Observability — The Four Golden Signals
Google's SRE book proposed a small set of metrics every service should expose. They've held up for a decade because they cover the failure modes you actually care about.
- Latency. How long do successful requests take? Track P50, P95, P99 — not just the mean.
- Traffic. How many requests per second? RPS, qps, jobs/s — whatever the unit of work is.
- Errors. What fraction of requests fail? 5xx rate, exceptions, business-level failures.
- Saturation. How full is the system? CPU %, memory %, queue depth, connection-pool utilization, disk-fill rate.
If you instrument these four for every service, every dependency, and every external call, you have ~80% of the visibility you'll ever need. Add custom business metrics on top (signups/min, dollars/hour, AI tokens/sec).
The metrics stack
Logs, metrics, and traces — what each is for
- Metrics — numerical, aggregated, cheap to store at scale. The four golden signals live here. Best for "is the system healthy right now?" and "is this trend worsening?"
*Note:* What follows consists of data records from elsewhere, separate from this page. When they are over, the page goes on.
Lemma mean_complete_le : mean (fun v => indic (complete_to e Y v)) <= alpha.
Proof.
have [x xS] := support_nonempty mu_sum1; have [y yY _] := full_Y xS.
apply: le_trans (mean_nbr_le y); apply: ler_mean => // v _.
by apply: ler_indic => /forall_inP/(_ y yY); rewrite e_sym.
Qed.

Lemma mean2D (f g : T -> T -> R) :
  mean (fun x => mean (fun y => f x y + g x y)) =
  mean (fun x => mean (f x)) + mean (fun x => mean (g x)).
Proof. by rewrite -meanD; apply: eq_mean => x _; rewrite meanD. Qed.

Definition rho Z v := mean (fun z => indic (linked e Z z v)).

Lemma rho_mul_le v : rho X v * rho Y v <= 7 * alpha.
Proof.
rewrite /rho -mean_mul //.
pose a1 z := (link e X z v).1; pose a2 z := (link e X z v).2.
pose b1 w := (link e Y w v).1; pose b2 w := (link e Y w v).2.
apply: (@le_trans _ _ (mean (fun z => mean (fun w =>
   indic (e v z) + indic (e v w) + indic (e z w) + indic (e (b1 w) z) + indic (e (b2 w) z)
   + indic (e (a1 z) w) + indic (e (a2 z) w))))).
  apply: ler_mean => // z _; apply: ler_mean => // w _; rewrite -indicM.
  apply: le_trans (indic_le_sum (cs := [:: e v z; e v w; e z w; e (b1 w) z; e (b2 w) z;
     e (a1 z) w; e (a2 z) w]) _) _; last by rewrite !big_cons big_nil addr0 !addrA.
  move=> /andP[RX RY]; apply/negPn/negP; rewrite /= !negb_or.
  move=> /and5P[vz vw zw b1z /andP[b2z /andP[a1w /andP[a2w _]]]].
  by apply: P7_free; apply: (linked_both_P7 RX RY).
under eq_mean => z _ do rewrite !meanD; rewrite !meanD.
move: (mean2_nbr_le_exchange (fun _ => v)) (mean2_nbr_le (fun _ => v)) (mean2_nbr_le id).
move: (mean2_nbr_le_exchange b1) (mean2_nbr_le_exchange b2).
move: (mean2_nbr_le a1) (mean2_nbr_le a2) => /=.
lra.
Qed.
Lemma triple_sumB N (f g : nat -> nat -> nat -> V) :
  triple_sum N (fun i j k => f i j k - g i j k) = triple_sum N f - triple_sum N g.
Proof.
rewrite /triple_sum -sumrB; apply: eq_bigr => i _.
rewrite -sumrB; apply: eq_bigr => j _.
by rewrite -sumrB; apply: eq_bigr => k _; case: ifP => _; rewrite ?subr0.
Qed.

Lemma triple_sumE N (f : nat -> nat -> nat -> V) :
  \sum_(i < N.+1) \sum_(j < (N - i).+1) f i j (N - i - j)%N = triple_sum N f.
Proof.
rewrite /triple_sum; apply: eq_bigr => i _.
have := ltn_ord i; rewrite ltnS => le_iN.
have le_NiN : ((N - i).+1 <= N.+1)%N by lia.
rewrite (big_ord_widen _ (fun j => f i j (N - i - j)%N) le_NiN) big_mkcond /=.
apply: eq_bigr => j _; case: (leqP (i + j) N) => ijN.
- have -> : (j < (N - i).+1)%N by lia.
  have kN : (N - i - j < N.+1)%N by lia.
  rewrite (bigD1 (Ordinal kN)) //= big1 ?addr0; last first.
    move=> k /eqP kNij; case: eqP => // ijkN.
    by case: kNij; apply: val_inj => /=; lia.
  by have -> : (i + j + (N - i - j) == N)%N by apply/eqP; lia.
- have -> : (j < (N - i).+1)%N = false by lia.
  by rewrite big1 // => k _; case: eqP => // ?; lia.
Qed.

End ZmodIdentities.

Section SemiCatTheory.
Variables (Ob : Type) (Hom : Ob -> Ob -> Type) (s : SemiCatData Hom).
Hypothesis L : semicat_laws s.
Local Notation cmp := (Defs.comp s).
Local Notation id := (idm s).
Local Notation tm := (tensm s).
Local Notation a := (asc s).

Lemma compmA A B E G (h : Hom E G) (g : Hom B E) (f : Hom A B) :
  cmp h (cmp g f) = cmp (cmp h g) f.
Proof. by case: L => [-> _]. Qed.

Lemma comp1m A B (f : Hom A B) : cmp (id B) f = f.
Proof. by case: L => [_ [-> _]]. Qed.

Lemma compm1 A B (f : Hom A B) : cmp f (id A) = f.
Proof. by case: L => [_ [_ [-> _]]]. Qed.

Lemma tensm11 A B : tm (id A) (id B) = id (tens s A B).
Proof. by case: L => [_ [_ [_ [-> _]]]]. Qed.

Lemma tensm_comp A B E A' B' E' (g : Hom B E) (f : Hom A B) (g' : Hom B' E') (f' : Hom A' B') :
  tm (cmp g f) (cmp g' f') = cmp (tm g g') (tm f f').
Proof. by case: L => [_ [_ [_ [_ [-> _]]]]]. Qed.

Lemma asc_natural A B E A' B' E' (f : Hom A A') (g : Hom B B') (h : Hom E E') :
  cmp (a A' B' E') (tm (tm f g) h) = cmp (tm f (tm g h)) (a A B E).
Proof. by case: L => [_ [_ [_ [_ [_ [_ [_ [-> _]]]]]]]]. Qed.

Lemma pentagon A B E G :
  cmp (a A B (tens s E G)) (a (tens s A B) E G)
  = cmp (tm (id A) (a B E G)) (cmp (a A (tens s B E) G) (tm (a A B E) (id G))).
Proof. by case: L => [_ [_ [_ [_ [_ [_ [_ [_ ->]]]]]]]]. Qed.

Lemma compmA_eq A B E E' G (f : Hom E G) (g : Hom B E) (f' : Hom E' G) (g' : Hom B E')
    (h : Hom A B) :
  cmp f g = cmp f' g' -> cmp f (cmp g h) = cmp f' (cmp g' h).
Proof. by move=> fg; rewrite !compmA fg. Qed.

Lemma tensm1_comp A B E G (g : Hom B E) (f : Hom A B) :
  tm (id G) (cmp g f) = cmp (tm (id G) g) (tm (id G) f).
Proof. by rewrite -tensm_comp comp1m. Qed.

Lemma tensm_comp1 A B E G (g : Hom B E) (f : Hom A B) :
  tm (cmp g f) (id G) = cmp (tm g (id G)) (tm f (id G)).
Proof. by rewrite -tensm_comp comp1m. Qed.

Lemma tensm_interchange A B A' B' (f : Hom A A') (g : Hom B B') :
  cmp (tm (id A') g) (tm f (id B)) = cmp (tm f (id B')) (tm (id A) g).
Proof. by rewrite -!tensm_comp !comp1m !compm1. Qed.

End SemiCatTheory.

Section BilinearTheory.
Variables (K : fieldType) (Ob : Type) (Hom : Ob -> Ob -> lmodType K).
Variable s : SemiCatData (fun A B => Hom A B : Type).
Hypothesis bilin : bilin_laws s.
Local Notation cmp := (Defs.comp s).
Local Notation tm := (tensm s).

Lemma compmDr A B E (g : Hom B E) (f1 f2 : Hom A B) :
  cmp g (f1 + f2) = cmp g f1 + cmp g f2.
Proof. by case: bilin => [gD _]; have := gD _ _ _ g 1 f1 f2; rewrite !scale1r. Qed.

Lemma compmDl A B E (f : Hom A B) (g1 g2 : Hom B E) :
  cmp (g1 + g2) f = cmp g1 f + cmp g2 f.
Proof. by case: bilin => [_ [fD _]]; have := fD _ _ _ f 1 g1 g2; rewrite !scale1r. Qed.

Lemma tensmDl A B A' B' (g : Hom B B') (f1 f2 : Hom A A') :
  tm (f1 + f2) g = tm f1 g + tm f2 g.
Proof. by case: bilin => [_ [_ [gD _]]]; have := gD _ _ _ _ g 1 f1 f2; rewrite !scale1r. Qed.

Lemma tensmDr A B A' B' (f : Hom A A') (g1 g2 : Hom B B') :
  tm f (g1 + g2) = tm f g1 + tm f g2.
Proof. by case: bilin => [_ [_ [_ fD]]]; have := fD _ _ _ _ f 1 g1 g2; rewrite !scale1r. Qed.

Lemma compm0 {A B E} (g : Hom B E) : cmp g (0 : Hom A B) = 0.
Proof. exact: morphD_0 (compmDr g). Qed.
Lemma comp0m {A B E} (f : Hom A B) : cmp (0 : Hom B E) f = 0.
Proof. exact: morphD_0 (compmDl f). Qed.
Lemma tensm0l {A B A' B'} (g : Hom B B') : tm (0 : Hom A A') g = 0.
Proof. exact: morphD_0 (tensmDl g). Qed.
Lemma tensm0r {A B A' B'} (f : Hom A A') : tm f (0 : Hom B B') = 0.
Proof. exact: morphD_0 (tensmDr f). Qed.

Lemma compmBr A B E (g : Hom B E) (f1 f2 : Hom A B) :
  cmp g (f1 - f2) = cmp g f1 - cmp g f2.
Proof. exact: morphD_B (compmDr g) _ _. Qed.
Lemma compmBl A B E (f : Hom A B) (g1 g2 : Hom B E) :
  cmp (g1 - g2) f = cmp g1 f - cmp g2 f.
Proof. exact: morphD_B (compmDl f) _ _. Qed.
Lemma tensmBl A B A' B' (g : Hom B B') (f1 f2 : Hom A A') :
  tm (f1 - f2) g = tm f1 g - tm f2 g.
Proof. exact: morphD_B (tensmDl g) _ _. Qed.
Lemma tensmBr A B A' B' (f : Hom A A') (g1 g2 : Hom B B') :
  tm f (g1 - g2) = tm f g1 - tm f g2.
Proof. exact: morphD_B (tensmDr f) _ _. Qed.

Lemma compm_sumr A B E (g : Hom B E) n (f : 'I_n -> Hom A B) :
  cmp g (\sum_(i < n) f i) = \sum_(i < n) cmp g (f i).
Proof. by elim/big_rec2: _ => [|i y1 y2 _ <-]; rewrite ?compm0 ?compmDr. Qed.
Lemma compm_suml A B E (f : Hom A B) n (g : 'I_n -> Hom B E) :
  cmp (\sum_(i < n) g i) f = \sum_(i < n) cmp (g i) f.
Proof. by elim/big_rec2: _ => [|i y1 y2 _ <-]; rewrite ?comp0m ?compmDl. Qed.
Lemma tensm_suml A B A' B' (g : Hom B B') n (f : 'I_n -> Hom A A') :
  tm (\sum_(i < n) f i) g = \sum_(i < n) tm (f i) g.
Proof. by elim/big_rec2: _ => [|i y1 y2 _ <-]; rewrite ?tensm0l ?tensmDl. Qed.
Lemma tensm_sumr A B A' B' (f : Hom A A') n (g : 'I_n -> Hom B B') :
  tm f (\sum_(i < n) g i) = \sum_(i < n) tm f (g i).
Proof. by elim/big_rec2: _ => [|i y1 y2 _ <-]; rewrite ?tensm0r ?tensmDr. Qed.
- Logs — text or structured events, expensive to store, searchable. Best for "what happened on this exact request?" and forensic investigation.
- Traces — a request's journey across services, with each span's timing. Best for "why is THIS request slow when others aren't?" Distributed systems require traces; single-process apps usually don't.
OpenTelemetry (OTel) unifies the SDKs across languages so the same instrumentation feeds all three storage backends. For most teams: metrics in CloudWatch or Prometheus, logs in CloudWatch or Loki, traces in CloudWatch X-Ray or Tempo, dashboards in Grafana.
Alerting — The Discipline of Not Crying Wolf
An alert that doesn't require human action is a bug. The on-call engineer's pager is sacred — every false alarm trains them to ignore the real ones. Two rules govern good alerts:
- Alert on symptoms, not causes. Page when users are unhappy (latency over SLO, errors above threshold), not when an internal metric crosses a line. "P99 latency over 1s for 5 minutes" is a symptom; "CPU above 80%" is a cause that may or may not affect users.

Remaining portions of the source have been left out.